(Collected data)
(* Consider the remote-estimation model described in the context, and let the sensor use the always-transmit policy ($A_t = 1$ for all $t\ge 1$). Then the resulting Markov chain $\{S_t\}_{t\geq 1}$ on the state space $\mathcal{S}$ is irreducible and positive recurrent. Moreover, for every pair of states $s, s'\in\mathcal{S}$, the expected first passage time from $s$ to $s'$ is finite.
   Context: Model. A source $\{X_t\}_{t\ge1}$ is a homogeneous discrete-time Markov chain on $\mathcal{X}=\{1,\dots,M\}$ with irreducible transition matrix $Q=(Q_{i,j})$, $Q_{i,j}=\Pr[X_{t+1}=j\mid X_t=i]$. Let $\mathcal{X}_{\rm ap}=\{i: Q_{i,i}>0\}$ and $\mathcal{X}_{\rm p}=\mathcal{X}\setminus\mathcal{X}_{\rm ap}$; it is assumed $\mathcal{X}_{\rm ap}\neq\emptyset$. At each time $t$ a sensor chooses $A_t\in\{0,1\}$ (1 = transmit). The channel is an i.i.d. Bernoulli process $H_t$ with $\Pr[H_t=1]=p_s$, $\Pr[H_t=0]=p_f=1-p_s$, independent of the source. The receiver's estimate evolves as $\hat X_{t+1}=X_t$ if $A_t=1$ and $H_t=1$, and $\hat X_{t+1}=\hat X_t$ otherwise. The Age of Consecutive Error (AoCE) is $\Delta_t=\Delta_{t-1}+1$ if $X_t\ne\hat X_t$ and $(X_t,\hat X_t)=(X_{t-1},\hat X_{t-1})$; $\Delta_t=1$ if $X_t\neq \hat X_t$ and $(X_t,\hat X_t)\ne(X_{t-1},\hat X_{t-1})$; $\Delta_t=0$ if $X_t=\hat X_t$. The system state is $S_t=(X_t,\hat X_t,\Delta_t)$ with state space $\mathcal{S}=\{(i,i,0):i\in\mathcal{X}\}\cup\{(i,j,\delta): i\ne j, i\in\mathcal{X}_{\rm ap},\delta\ge1\}\cup\{(i,j,1): i\neq j, i\in\mathcal{X}_{\rm p}\}$. Transition probabilities $P_{s,s'}(a)=\Pr[S_{t+1}=s'\mid S_t=s,A_t=a]$: for $s=(i,j,\delta)$, $i\ne j$, under $a=0$: to $(i,j,\delta+1)$ w.p. $Q_{i,i}$, to $(j,j,0)$ w.p. $Q_{i,j}$, to $(k,j,1)$ w.p. $Q_{i,k}$ for $k\ne i,j$; under $a=1$: to $(i,i,0)$ w.p. $Q_{i,i}p_s$, to $(k,i,1)$ w.p. $Q_{i,k}p_s$ for $k\ne i$, to $(i,j,\delta+1)$ w.p. $Q_{i,i}p_f$, to $(j,j,0)$ w.p. $Q_{i,j}p_f$, to $(k,j,1)$ w.p. $Q_{i,k}p_f$ for $k\ne i,j$. For $s=(i,i,0)$ and either action: to $(i,i,0)$ w.p. $Q_{i,i}$ and to $(k,i,1)$ w.p. $Q_{i,k}$ for $k\ne i$. *)

From HB Require Import structures.
From mathcomp Require Import all_boot all_order all_algebra.
From mathcomp Require Import boolp classical_sets reals constructive_ereal ereal topology sequences.
Set Implicit Arguments. Unset Strict Implicit. Unset Printing Implicit Defensive.
Import Order.TTheory GRing.Theory Num.Theory.
Local Open Scope ring_scope.

(* Generic notions for a discrete-time Markov chain on a type T with   *)
(* transition kernel K : T -> T -> R whose one-step support from s is  *)
(* contained in the finite list sup s (i.e. K s u = 0 if u \notin sup s)*)
Section MarkovChain.
Variables (R : realType) (T : eqType) (K : T -> T -> R) (sup : T -> seq T).

Fixpoint n_step (n : nat) (s t : T) : R :=
  match n with
  | 0 => (s == t)%:R
  | n'.+1 => \sum_(u <- undup (sup s)) K s u * n_step n' u t
  end.

Fixpoint first_passage (n : nat) (s t : T) : R :=
  match n with
  | 0 => 0
  | 1 => K s t
  | n'.+1 => \sum_(u <- undup (sup s) | u != t) K s u * first_passage n' u t
  end.

Definition hit_prob (s t : T) : \bar R :=
  (\sum_(n <oo) (first_passage n s t)%:E)%E.

(* expected first passage time E_s[tau_t], tau_t = min{m >= 1 : S_m = t};
   it is +oo when tau_t = +oo with positive probability *)
Definition mean_first_passage (s t : T) : \bar R :=
  if hit_prob s t == 1%E then (\sum_(n <oo) (n%:R * first_passage n s t)%:E)%E
  else +oo%E.

Definition irreducible_on (S : pred T) : Prop :=
  forall s t, S s -> S t -> exists n, 0 < n_step n s t.

Definition positive_recurrent_state (s : T) : Prop :=
  hit_prob s s = 1%E /\ (mean_first_passage s s < +oo)%E.

Definition positive_recurrent_on (S : pred T) : Prop :=
  forall s, S s -> positive_recurrent_state s.

End MarkovChain.

Definition stochastic_mx (R : realType) (M : nat) (Q : 'M[R]_M) : Prop :=
  (forall i j, 0 <= Q i j) /\ (forall i, \sum_j Q i j = 1).

Definition irreducible_mx (R : realType) (M : nat) (Q : 'M[R]_M) : Prop :=
  forall i j, exists n, 0 < (Q ^+ n) i j.

(* The AoCE system state S_t = (X_t, hat X_t, Delta_t)                  *)
Definition aoce_state (M : nat) := ('I_M * 'I_M * nat)%type.

Definition valid_state (R : realType) (M : nat) (Q : 'M[R]_M)
  (s : aoce_state M) : bool :=
  let '(i, j, d) := s in
  ((i == j) && (d == 0%N)) ||
  [&& i != j, (0 < d)%N & (0 < Q i i) || (d == 1%N)].

Definition P_transmit (R : realType) (M : nat) (Q : 'M[R]_M) (ps : R)
  (s t : aoce_state M) : R :=
  let pf := 1 - ps in
  let '(i, j, d) := s in
  if i == j then
    (t == (i, i, 0%N))%:R * Q i i
    + \sum_(k | k != i) (t == (k, i, 1%N))%:R * Q i k
  else
    (t == (i, i, 0%N))%:R * (Q i i * ps)
    + \sum_(k | k != i) (t == (k, i, 1%N))%:R * (Q i k * ps)
    + (t == (i, j, d.+1))%:R * (Q i i * pf)
    + (t == (j, j, 0%N))%:R * (Q i j * pf)
    + \sum_(k | (k != i) && (k != j)) (t == (k, j, 1%N))%:R * (Q i k * pf).

Definition aoce_succ (M : nat) (s : aoce_state M) : seq (aoce_state M) :=
  let '(i, j, d) := s in
  [:: (i, i, 0%N); (i, j, d.+1); (j, j, 0%N)]
  ++ [seq (k, i, 1%N) | k <- enum 'I_M]
  ++ [seq (k, j, 1%N) | k <- enum 'I_M].

From mathcomp Require Import all_boot all_order all_algebra.
From mathcomp Require Import boolp classical_sets reals constructive_ereal ereal.
From mathcomp Require Import sequences normedtype.
From mathcomp Require Import lra ring.
From Stdlib Require Import Relation_Operators Operators_Properties.
Set Implicit Arguments. Unset Strict Implicit. Unset Printing Implicit Defensive.
Import Order.TTheory GRing.Theory Num.Theory.
Import numFieldNormedType.Exports.
Local Open Scope classical_set_scope.
Local Open Scope ring_scope.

→ **PROBLEM STATEMENT**:
Among the entries above, the line containing "n_step n' u t", the line containing "it is +oo when", and all lines between them are to be restated word for word; nothing else belongs in the reply.

→ **YOUR SOLUTION**:
  | n'.+1 => \sum_(u <- undup (sup s)) K s u * n_step n' u t
  end.

Fixpoint first_passage (n : nat) (s t : T) : R :=
  match n with
  | 0 => 0
  | 1 => K s t
  | n'.+1 => \sum_(u <- undup (sup s) | u != t) K s u * first_passage n' u t
  end.

Definition hit_prob (s t : T) : \bar R :=
  (\sum_(n <oo) (first_passage n s t)%:E)%E.

(* expected first passage time E_s[tau_t], tau_t = min{m >= 1 : S_m = t};
   it is +oo when tau_t = +oo with positive probability *)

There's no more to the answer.